Karl Wallenda, who Nik is a direct descendant of, made the family famous in the 1920s after he started performances without safety nets. Nik has also shown his love for not using safety equipment and has said in previous interviews that his great-grandfather taught him that safety nets offer a false sense of security. Not that he had a "death wish in any way" but he believes that irrespective of the net, things could go wrong and that's he's not scared of dying.
Wallenda's children are sometimes part of the act. He's lost several members of his family to it too - Karl Wallenda, 73, fell to his death from a high wire strung between two buildings in Puerto Rico following which his nephew and son-in-law died while his son was paralyzed.

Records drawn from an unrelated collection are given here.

(* Consider Setting A with all nodes running Algorithm 1 (any graph sequence, any gains). Fix a sub-state $j$, a node $i\in\mathcal V\setminus\{j\}$ and a time $k$ such that $\tau^{(j)}_i[k]=m$ with $m\in\mathbb N_+$. Then there exist nodes $v(\tau)\in\mathcal V\setminus\{j\}$, $\tau\in\{k-m+1,\dots,k\}$ (with $v(k)=i$), such that $$\hat z^{(j)}_i[k]=A_{jj}^{m}\,\hat z^{(j)}_j[k-m]+\sum_{q=1}^{j-1}\sum_{\tau=k-m}^{k-1}A_{jj}^{\,k-\tau-1}A_{jq}\,\hat z^{(q)}_{v(\tau+1)}[\tau].$$
   Context: Setting A. Consider the discrete-time LTI system $x[k+1]=Ax[k]$, $k\in\mathbb N$, with $A\in\mathbb R^{n\times n}$, monitored by $N$ nodes $\mathcal V=\{1,\dots,N\}$; node $i$ measures $y_i[k]=C_ix[k]$ with $C_i\in\mathbb R^{r_i\times n}$. Let $C=[C_1^T\ \cdots\ C_N^T]^T$ and assume $(A,C)$ is observable. Fix an invertible $T$ such that $\bar A=T^{-1}AT$ is block lower-triangular with diagonal blocks $A_{11},\dots,A_{NN}$ and off-diagonal blocks $A_{jq}$ ($q<j$), zero blocks above the diagonal, and $C_iT=[C_{i1}\ \cdots\ C_{ii}\ 0\ \cdots\ 0]$ for each $i$, with $(A_{jj},C_{jj})$ observable for every $j$ (such $T$ exists). With $z[k]=T^{-1}x[k]$ partitioned compatibly into sub-states $z^{(1)}[k],\dots,z^{(N)}[k]$, one has $z^{(j)}[k+1]=A_{jj}z^{(j)}[k]+\sum_{q=1}^{j-1}A_{jq}z^{(q)}[k]$ and $y_j[k]=\sum_{q=1}^{j}C_{jq}z^{(q)}[k]$. Node $j$ is called the source node of sub-state $j$. Communication: at each time $k$ there is a directed graph $\mathcal G[k]=(\mathcal V,\mathcal E[k])$; $(l,i)\in\mathcal E[k]$ means $l$ can send to $i$ at time $k$; $\mathcal N_i[k]=\{l\neq i:(l,i)\in\mathcal E[k]\}$. The union graph over $[k_1,k_2]$ has vertex set $\mathcal V$ and edge set $\bigcup_{\tau=k_1}^{k_2}\mathcal E[\tau]$. Algorithm 1 (run for every sub-state $j$ simultaneously). Each node $i$ keeps an estimate $\hat z^{(j)}_i[k]$ (arbitrary initial value) and a freshness index $\tau^{(j)}_i[k]\in\mathbb N\cup\{\omega\}$, where $\omega$ is a special symbol; initially $\tau^{(j)}_j[0]=0$ and $\tau^{(j)}_i[0]=\omega$ for $i\ne j$. Source node $j$: $\tau^{(j)}_j[k]=0$ for all $k$, and $\hat z^{(j)}_j[k+1]=(A_{jj}-L_jC_{jj})\hat z^{(j)}_j[k]+\sum_{q=1}^{j-1}(A_{jq}-L_jC_{jq})\hat z^{(q)}_j[k]+L_jy_j[k]$, where $L_j$ is an observer gain. Non-source node $i\neq j$ at time $k$: let $\mathcal M^{(j)}_i[k]=\{l\in\mathcal N_i[k]:\tau^{(j)}_l[k]\neq\omega\}$; if $\tau^{(j)}_i[k]=\omega$ let $\mathcal F^{(j)}_i[k]=\mathcal M^{(j)}_i[k]$, otherwise $\mathcal F^{(j)}_i[k]=\{l\in\mathcal M^{(j)}_i[k]:\tau^{(j)}_l[k]<\tau^{(j)}_i[k]\}$. If $\mathcal F^{(j)}_i[k]\ne\emptyset$, pick $u\in\arg\min_{l\in\mathcal F^{(j)}_i[k]}\tau^{(j)}_l[k]$ and set $\tau^{(j)}_i[k+1]=\tau^{(j)}_u[k]+1$ and $\hat z^{(j)}_i[k+1]=A_{jj}\hat z^{(j)}_u[k]+\sum_{q=1}^{j-1}A_{jq}\hat z^{(q)}_i[k]$ (''$i$ adopts the information of $u$ at time $k$''). If $\mathcal F^{(j)}_i[k]=\emptyset$, set $\tau^{(j)}_i[k+1]=\omega$ if $\tau^{(j)}_i[k]=\omega$ and $\tau^{(j)}_i[k+1]=\tau^{(j)}_i[k]+1$ otherwise, and $\hat z^{(j)}_i[k+1]=A_{jj}\hat z^{(j)}_i[k]+\sum_{q=1}^{j-1}A_{jq}\hat z^{(q)}_i[k]$ (''$i$ adopts its own information''). *)

From HB Require Import structures.
From mathcomp Require Import all_boot all_order all_algebra.
Set Implicit Arguments. Unset Strict Implicit. Unset Printing Implicit Defensive.
Import Order.TTheory GRing.Theory Num.Theory.
Local Open Scope ring_scope.

Definition observable (R : fieldType) (n p : nat)
  (A : 'M[R]_n) (C : 'M[R]_(p, n)) : bool :=
  \rank (\mxcol_(k < n) (C *m A ^+ k)) == n.

(* Freshness indices: [None] is the special symbol omega. *)
Definition freshness := option nat.

Definition fsucc (t : freshness) : freshness := omap S t.

Definition inF (N : nat) (E : nat -> rel 'I_N)
  (tau : 'I_N -> nat -> freshness) (i : 'I_N) (k : nat) (l : 'I_N) : bool :=
  [&& l != i, E k l i &
     match tau l k, tau i k with
     | Some a, None => true
     | Some a, Some b => (a < b)%N
     | None, _ => false
     end].

Definition lower_sum (R : ringType) (N : nat) (d : 'I_N -> nat)
  (Ab : forall j q : 'I_N, 'M[R]_(d j, d q))
  (zhat : forall q : 'I_N, 'I_N -> nat -> 'cV[R]_(d q))
  (j i : 'I_N) (k : nat) : 'cV[R]_(d j) :=
  \sum_(q < N | (q < j)%N) Ab j q *m zhat q i k.

(* [alg1_run ... tau zhat] : (tau, zhat) is a run of Algorithm 1, executed for
   every sub-state j simultaneously, for the graph sequence E (E k l i means
   that l can send to i at time k), with gains L and measurements y.
   tau j i k = tau^{(j)}_i[k], zhat j i k = \hat z^{(j)}_i[k].
   Initial estimates are arbitrary; ties in the argmin are broken arbitrarily. *)
Definition alg1_run (R : ringType) (N : nat) (d r : 'I_N -> nat)
  (Ab : forall j q : 'I_N, 'M[R]_(d j, d q))
  (Cb : forall i q : 'I_N, 'M[R]_(r i, d q))
  (L : forall j : 'I_N, 'M[R]_(d j, r j))
  (y : forall i : 'I_N, nat -> 'cV[R]_(r i))
  (E : nat -> rel 'I_N)
  (tau : 'I_N -> 'I_N -> nat -> freshness)
  (zhat : forall q : 'I_N, 'I_N -> nat -> 'cV[R]_(d q)) : Prop :=
  (forall j i : 'I_N, i != j -> tau j i 0%N = None) /\
  (forall (j : 'I_N) (k : nat), tau j j k = Some 0%N) /\
  (forall (j : 'I_N) (k : nat),
     zhat j j k.+1 =
       (Ab j j - L j *m Cb j j) *m zhat j j k
       + \sum_(q < N | (q < j)%N) (Ab j q - L j *m Cb j q) *m zhat q j k
       + L j *m y j k) /\
  (forall (j i : 'I_N) (k : nat), i != j ->
     ((exists l, inF E (tau j) i k l) ->
        exists u tu, [/\ inF E (tau j) i k u, tau j u k = Some tu,
          (forall l t, inF E (tau j) i k l -> tau j l k = Some t -> (tu <= t)%N),
          tau j i k.+1 = Some tu.+1 &
          zhat j i k.+1 = Ab j j *m zhat j u k + lower_sum Ab zhat j i k]) /\
     ((forall l, ~~ inF E (tau j) i k l) ->
        tau j i k.+1 = fsucc (tau j i k) /\
        zhat j i k.+1 = Ab j j *m zhat j i k + lower_sum Ab zhat j i k)).

From HB Require Import structures.
From mathcomp Require Import all_boot all_order all_algebra.
Import Order.TTheory GRing.Theory Num.Theory.
Set Implicit Arguments.
Unset Strict Implicit.
Unset Printing Implicit Defensive.
Local Open Scope ring_scope.

(* Every non-source update has the shape  zhat_i[k+1] = A_jj zhat_u[k] + lower terms,
   where u is the node whose information i adopts (u = i when it keeps its own) and
   tau_i[k+1] = tau_u[k] + 1.  Following the chain of adopted nodes backwards from i
   until it reaches the source j, which happens after exactly tau_i[k] steps, and
   unrolling the recursion along it gives the formula; v records the chain. *)

Section Unrolled.

Variables (R : nzRingType) (N : nat) (d : 'I_N -> nat).
Variable Ab : forall j q : 'I_N, 'M[R]_(d j, d q).
Variable zhat : forall q : 'I_N, 'I_N -> nat -> 'cV[R]_(d q).
Variable j : 'I_N.

Definition unrolled_estimate (v : nat -> 'I_N) (k m : nat) : 'cV[R]_(d j) :=
  Ab j j ^+ m *m zhat j j (k - m)%N
  + \sum_(q < N | (q < j)%N)
      \sum_(k - m <= t < k) Ab j j ^+ (k - t - 1) *m Ab j q *m zhat q (v t.+1) t.

Lemma unrolled_estimate0 (v : nat -> 'I_N) (k : nat) :
  unrolled_estimate v k 0 = zhat j j k.
Proof.
rewrite /unrolled_estimate subn0 expr0 mul1mx big1 ?addr0 // => q _.
by rewrite big_geq.
Qed.

Lemma eq_unrolled_estimate (v v' : nat -> 'I_N) (k m : nat) :
  (forall t, (k - m < t <= k)%N -> v t = v' t) ->
  unrolled_estimate v k m = unrolled_estimate v' k m.
Proof.
move=> eq_vv'; congr (_ + _); apply: eq_bigr => q _.
by apply: eq_big_nat => t /andP[lo hi]; rewrite eq_vv' // ltnS lo hi.
Qed.

Lemma unrolled_estimateS (v : nat -> 'I_N) (k m : nat) :
  Ab j j *m unrolled_estimate v k m + lower_sum Ab zhat j (v k.+1) k
  = unrolled_estimate v k.+1 m.+1.
Proof.
have mulA_pow n : Ab j j *m Ab j j ^+ n = Ab j j ^+ n.+1 by rewrite exprS mulmxE.
rewrite /unrolled_estimate subSS mulmxDr mulmxA mulA_pow -addrA; congr (_ + _).
rewrite /lower_sum mulmx_sumr -big_split /=; apply: eq_bigr => q _.
rewrite [in RHS]big_nat_recr ?leq_subr //= mulmx_sumr; congr (_ + _).
  apply: eq_big_nat => t /andP[_ ltk].
  by rewrite !mulmxA mulA_pow -[in RHS]subnDA addn1 subSS subn1 prednK ?subn_gt0.
by rewrite subSnn subnn expr0 mul1mx.
Qed.

Definition unrolls_along_chain (i : 'I_N) (k m : nat) : Prop :=
  exists v : nat -> 'I_N,
    [/\ forall t, (k - m < t <= k)%N -> v t != j,
        v k = i & zhat j i k = unrolled_estimate v k m].

Lemma unrolls_along_chain_source (k : nat) : unrolls_along_chain j k 0.
Proof.
exists (fun=> j); split=> // [t|]; last by rewrite unrolled_estimate0.
by rewrite subn0 => /andP[/ltn_geF->].
Qed.

Lemma unrolls_along_chain_adopt (i u : 'I_N) (k m : nat) :
  i != j -> unrolls_along_chain u k m ->
  zhat j i k.+1 = Ab j j *m zhat j u k + lower_sum Ab zhat j i k ->
  unrolls_along_chain i k.+1 m.+1.
Proof.
move=> neq_ij [v [v_neq_j _ zhat_u]] zhat_i.
pose v' t := if t == k.+1 then i else v t.
have v'_old t : (k - m < t <= k)%N -> v' t = v t.
  by move=> /andP[_ le_tk]; rewrite /v' ltn_eqF.
exists v'; split.
- move=> t /andP[lo hi]; rewrite /v'; have [// | neq_t] := eqVneq t k.+1.
  by apply: v_neq_j; rewrite -subSS lo -ltnS ltn_neqAle neq_t.
- by rewrite /v' eqxx.
- rewrite zhat_i zhat_u -(eq_unrolled_estimate v'_old) -unrolled_estimateS.
  by rewrite /v' eqxx.
Qed.

End Unrolled.

Section Algorithm1.

Variables (R : nzRingType) (N : nat) (d r : 'I_N -> nat).
Variable Ab : forall j q : 'I_N, 'M[R]_(d j, d q).
Variable Cb : forall i q : 'I_N, 'M[R]_(r i, d q).
Variable L : forall j : 'I_N, 'M[R]_(d j, r j).
Variable y : forall i : 'I_N, nat -> 'cV[R]_(r i).
Variable E : nat -> rel 'I_N.
Variable tau : 'I_N -> 'I_N -> nat -> freshness.
Variable zhat : forall q : 'I_N, 'I_N -> nat -> 'cV[R]_(d q).
Hypothesis hrun : alg1_run Ab Cb L y E tau zhat.

Lemma alg1_adopt (j i : 'I_N) (k m : nat) :
  i != j -> tau j i k.+1 = Some m ->
  exists u m', [/\ m = m'.+1, tau j u k = Some m' &
    zhat j i k.+1 = Ab j j *m zhat j u k + lower_sum Ab zhat j i k].
Proof.
case: hrun => _ [_ [_ nonsource]] neq_ij tau_ik1.
have [adopt_other keep_own] := nonsource j i k neq_ij.
have [/existsP[l inF_l] | noF] := boolP [exists l, inF E (tau j) i k l].
  have [u [tu [_ tau_u _ tau_i' zhat_i']]] := adopt_other (ex_intro _ l inF_l).
  by exists u, tu; split=> //; move: tau_ik1; rewrite tau_i' => -[<-].
have [tau_i' zhat_i'] : tau j i k.+1 = fsucc (tau j i k) /\
    zhat j i k.+1 = Ab j j *m zhat j i k + lower_sum Ab zhat j i k.
  by apply: keep_own => l; apply: contra noF => inF_l; apply/existsP; exists l.
move: tau_ik1; rewrite tau_i'; case tau_i: (tau j i k) => [t|] //= [<-].
by exists i, t.
Qed.

Lemma alg1_unrolls_along_chain (j i : 'I_N) (k m : nat) :
  tau j i k = Some m -> unrolls_along_chain Ab zhat j i k m.
Proof.
have [init [source _]] := hrun.
elim: k i m => [|k IHk] i m; have [-> | neq_ij] := eqVneq i j;
  try by rewrite source => -[<-]; apply: unrolls_along_chain_source.
  by rewrite init.
move=> tau_ik.
have [u [m' [-> tau_uk zhat_i]]] := alg1_adopt neq_ij tau_ik.
exact: unrolls_along_chain_adopt neq_ij (IHk u m' tau_uk) zhat_i.
Qed.

End Algorithm1.

Theorem lemma3 (R : realFieldType) (N : nat) (d r : 'I_N -> nat)
  (A : 'M[R]_(\sum_(i < N) d i))
  (Cm : forall i : 'I_N, 'M[R]_(r i, \sum_(i < N) d i))
  (T : 'M[R]_(\sum_(i < N) d i))
  (Ab : forall j q : 'I_N, 'M[R]_(d j, d q))
  (Cb : forall i q : 'I_N, 'M[R]_(r i, d q))
  (L : forall j : 'I_N, 'M[R]_(d j, r j))
  (x : nat -> 'cV[R]_(\sum_(i < N) d i))
  (E : nat -> rel 'I_N)
  (tau : 'I_N -> 'I_N -> nat -> freshness)
  (zhat : forall q : 'I_N, 'I_N -> nat -> 'cV[R]_(d q))
  (* Setting A *)
  (hobs : observable A (\mxcol_(i < N) Cm i))
  (hT : T \in unitmx)
  (hAbar : invmx T *m A *m T = \mxblock_(j < N, q < N) Ab j q)
  (hupper : forall j q : 'I_N, (j < q)%N -> Ab j q = 0)
  (hC : forall i : 'I_N, Cm i *m T = \mxrow_(q < N) Cb i q)
  (hCzero : forall i q : 'I_N, (i < q)%N -> Cb i q = 0)
  (hobsj : forall j : 'I_N, observable (Ab j j) (Cb j j))
  (hx : forall k, x k.+1 = A *m x k)
  (* all nodes run Algorithm 1, y_i[k] = C_i x[k] *)
  (hrun : alg1_run Ab Cb L (fun i k => Cm i *m x k) E tau zhat)
  (j i : 'I_N) (k m : nat) (hij : i != j) (hm : (0 < m)%N)
  (htau : tau j i k = Some m) :
  exists v : nat -> 'I_N,
    [/\ forall t, (k - m + 1 <= t <= k)%N -> v t != j,
        v k = i &
        zhat j i k =
          Ab j j ^+ m *m zhat j j (k - m)%N
          + \sum_(q < N | (q < j)%N)
              \sum_(k - m <= t < k) Ab j j ^+ (k - t - 1) *m Ab j q *m zhat q (v t.+1) t].
Proof.
have [v [v_neq_j v_k zhat_i]] := alg1_unrolls_along_chain hrun htau.
by exists v; split=> // t; rewrite addn1; apply: v_neq_j.
Qed.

His sister Lijana broke nearly every bone in her face after a fall during their pyramid performance in 2017. Five performers were seriously injured when they fell more than 40 feet but they all survived in this case.
A religious person, he makes sure to join his family in prayer and he always wears a cross as he performs. He says he doesn't "test God" and really just wants to be a nice guy living an upright life. However, he loves a challenge. "Don't tell me 'It can't be done', because I'll find a way to do it", he said in an interview in 2012. "My whole thing is I don't want to just break records. I want to set myself apart from any record that's been done before," he said, in another one more recently.
The special will air live on ABC at 8 p.m. ET/PT | 7 p.m. CT on Wednesday, March 4.